### What you will do
Each line below from the one containing "(forall x, gen" through the one containing "A & dform A" should be output exactly as it stands, and no other line should appear.

### Listed entries
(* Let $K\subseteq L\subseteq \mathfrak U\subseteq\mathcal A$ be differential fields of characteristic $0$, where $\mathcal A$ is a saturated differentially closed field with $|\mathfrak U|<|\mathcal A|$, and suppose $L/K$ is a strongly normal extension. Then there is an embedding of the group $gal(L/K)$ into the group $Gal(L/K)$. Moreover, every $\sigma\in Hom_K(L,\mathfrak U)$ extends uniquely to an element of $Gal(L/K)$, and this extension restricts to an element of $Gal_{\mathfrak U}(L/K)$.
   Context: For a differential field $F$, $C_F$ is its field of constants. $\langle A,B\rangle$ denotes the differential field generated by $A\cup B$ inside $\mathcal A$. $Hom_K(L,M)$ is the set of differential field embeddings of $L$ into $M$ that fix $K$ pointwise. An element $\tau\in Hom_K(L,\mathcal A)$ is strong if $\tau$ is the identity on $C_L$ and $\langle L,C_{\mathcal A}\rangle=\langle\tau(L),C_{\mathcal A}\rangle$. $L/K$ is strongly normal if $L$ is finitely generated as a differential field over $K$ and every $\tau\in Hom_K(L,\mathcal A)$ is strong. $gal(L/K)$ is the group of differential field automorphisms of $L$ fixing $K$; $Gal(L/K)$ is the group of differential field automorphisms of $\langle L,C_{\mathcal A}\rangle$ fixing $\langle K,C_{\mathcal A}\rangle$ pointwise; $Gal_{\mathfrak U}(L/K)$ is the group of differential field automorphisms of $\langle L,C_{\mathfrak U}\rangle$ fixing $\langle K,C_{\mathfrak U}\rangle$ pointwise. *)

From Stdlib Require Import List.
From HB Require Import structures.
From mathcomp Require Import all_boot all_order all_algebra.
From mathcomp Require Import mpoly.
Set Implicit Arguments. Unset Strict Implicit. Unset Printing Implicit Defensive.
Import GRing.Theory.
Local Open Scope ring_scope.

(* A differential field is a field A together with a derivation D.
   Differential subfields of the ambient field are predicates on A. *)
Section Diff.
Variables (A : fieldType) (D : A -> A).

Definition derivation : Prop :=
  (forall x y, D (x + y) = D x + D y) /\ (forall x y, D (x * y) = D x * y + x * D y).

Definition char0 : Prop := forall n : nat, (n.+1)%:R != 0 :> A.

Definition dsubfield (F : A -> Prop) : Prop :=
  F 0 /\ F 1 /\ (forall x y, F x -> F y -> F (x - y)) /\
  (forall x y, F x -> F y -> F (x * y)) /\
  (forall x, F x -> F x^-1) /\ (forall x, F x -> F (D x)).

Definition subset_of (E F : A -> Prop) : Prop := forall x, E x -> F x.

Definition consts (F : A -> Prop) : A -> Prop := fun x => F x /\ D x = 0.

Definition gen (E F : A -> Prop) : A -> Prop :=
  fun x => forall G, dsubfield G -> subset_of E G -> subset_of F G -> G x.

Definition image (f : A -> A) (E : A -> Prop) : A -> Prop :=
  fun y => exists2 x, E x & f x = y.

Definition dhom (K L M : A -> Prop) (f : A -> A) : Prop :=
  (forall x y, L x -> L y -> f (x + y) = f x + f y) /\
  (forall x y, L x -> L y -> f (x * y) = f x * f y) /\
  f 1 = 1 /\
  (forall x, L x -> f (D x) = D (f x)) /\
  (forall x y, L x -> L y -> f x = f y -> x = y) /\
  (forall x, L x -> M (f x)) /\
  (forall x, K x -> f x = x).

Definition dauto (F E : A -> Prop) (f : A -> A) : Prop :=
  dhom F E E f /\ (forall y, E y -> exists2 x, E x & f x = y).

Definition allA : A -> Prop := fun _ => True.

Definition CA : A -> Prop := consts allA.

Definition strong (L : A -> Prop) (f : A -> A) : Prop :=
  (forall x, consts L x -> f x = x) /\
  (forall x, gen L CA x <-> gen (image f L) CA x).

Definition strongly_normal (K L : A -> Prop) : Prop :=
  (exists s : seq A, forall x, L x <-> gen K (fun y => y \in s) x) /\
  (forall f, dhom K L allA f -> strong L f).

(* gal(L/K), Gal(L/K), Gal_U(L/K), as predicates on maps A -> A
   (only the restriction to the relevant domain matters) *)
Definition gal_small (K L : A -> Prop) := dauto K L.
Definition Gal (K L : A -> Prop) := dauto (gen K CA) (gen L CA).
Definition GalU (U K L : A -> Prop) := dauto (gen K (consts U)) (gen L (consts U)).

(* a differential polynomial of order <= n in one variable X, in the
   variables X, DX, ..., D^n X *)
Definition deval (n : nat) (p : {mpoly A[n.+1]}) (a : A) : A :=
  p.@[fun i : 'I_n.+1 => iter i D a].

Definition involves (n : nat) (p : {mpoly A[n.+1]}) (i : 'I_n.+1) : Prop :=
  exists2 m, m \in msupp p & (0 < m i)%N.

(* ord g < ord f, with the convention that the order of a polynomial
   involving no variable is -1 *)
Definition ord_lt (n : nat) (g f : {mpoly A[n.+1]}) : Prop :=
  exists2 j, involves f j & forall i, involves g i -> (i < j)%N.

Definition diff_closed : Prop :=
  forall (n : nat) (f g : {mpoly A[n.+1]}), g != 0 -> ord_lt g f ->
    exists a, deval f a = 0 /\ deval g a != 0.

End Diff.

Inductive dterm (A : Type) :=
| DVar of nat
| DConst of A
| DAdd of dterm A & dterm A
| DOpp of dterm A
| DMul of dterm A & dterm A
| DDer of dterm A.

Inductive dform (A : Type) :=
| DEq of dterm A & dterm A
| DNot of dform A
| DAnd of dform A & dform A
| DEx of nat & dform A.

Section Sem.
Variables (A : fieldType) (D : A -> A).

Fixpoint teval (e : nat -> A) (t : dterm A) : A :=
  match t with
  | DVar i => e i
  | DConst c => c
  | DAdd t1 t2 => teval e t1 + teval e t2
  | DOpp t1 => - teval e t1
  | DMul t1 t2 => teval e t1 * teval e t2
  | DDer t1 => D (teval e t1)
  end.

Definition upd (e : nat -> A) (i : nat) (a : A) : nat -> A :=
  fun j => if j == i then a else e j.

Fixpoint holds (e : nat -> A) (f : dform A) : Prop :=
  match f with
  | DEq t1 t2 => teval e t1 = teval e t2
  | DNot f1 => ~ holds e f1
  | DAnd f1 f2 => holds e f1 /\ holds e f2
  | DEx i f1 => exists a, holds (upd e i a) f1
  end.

### Result for this exercise
  (forall x, gen L CA x <-> gen (image f L) CA x).

Definition strongly_normal (K L : A -> Prop) : Prop :=
  (exists s : seq A, forall x, L x <-> gen K (fun y => y \in s) x) /\
  (forall f, dhom K L allA f -> strong L f).

(* gal(L/K), Gal(L/K), Gal_U(L/K), as predicates on maps A -> A
   (only the restriction to the relevant domain matters) *)
Definition gal_small (K L : A -> Prop) := dauto K L.
Definition Gal (K L : A -> Prop) := dauto (gen K CA) (gen L CA).
Definition GalU (U K L : A -> Prop) := dauto (gen K (consts U)) (gen L (consts U)).

(* a differential polynomial of order <= n in one variable X, in the
   variables X, DX, ..., D^n X *)
Definition deval (n : nat) (p : {mpoly A[n.+1]}) (a : A) : A :=
  p.@[fun i : 'I_n.+1 => iter i D a].

Definition involves (n : nat) (p : {mpoly A[n.+1]}) (i : 'I_n.+1) : Prop :=
  exists2 m, m \in msupp p & (0 < m i)%N.

(* ord g < ord f, with the convention that the order of a polynomial
   involving no variable is -1 *)
Definition ord_lt (n : nat) (g f : {mpoly A[n.+1]}) : Prop :=
  exists2 j, involves f j & forall i, involves g i -> (i < j)%N.

Definition diff_closed : Prop :=
  forall (n : nat) (f g : {mpoly A[n.+1]}), g != 0 -> ord_lt g f ->
    exists a, deval f a = 0 /\ deval g a != 0.

End Diff.

Inductive dterm (A : Type) :=
| DVar of nat
| DConst of A
| DAdd of dterm A & dterm A
| DOpp of dterm A
| DMul of dterm A & dterm A
| DDer of dterm A.

Inductive dform (A : Type) :=
| DEq of dterm A & dterm A
| DNot of dform A
| DAnd of dform A & dform A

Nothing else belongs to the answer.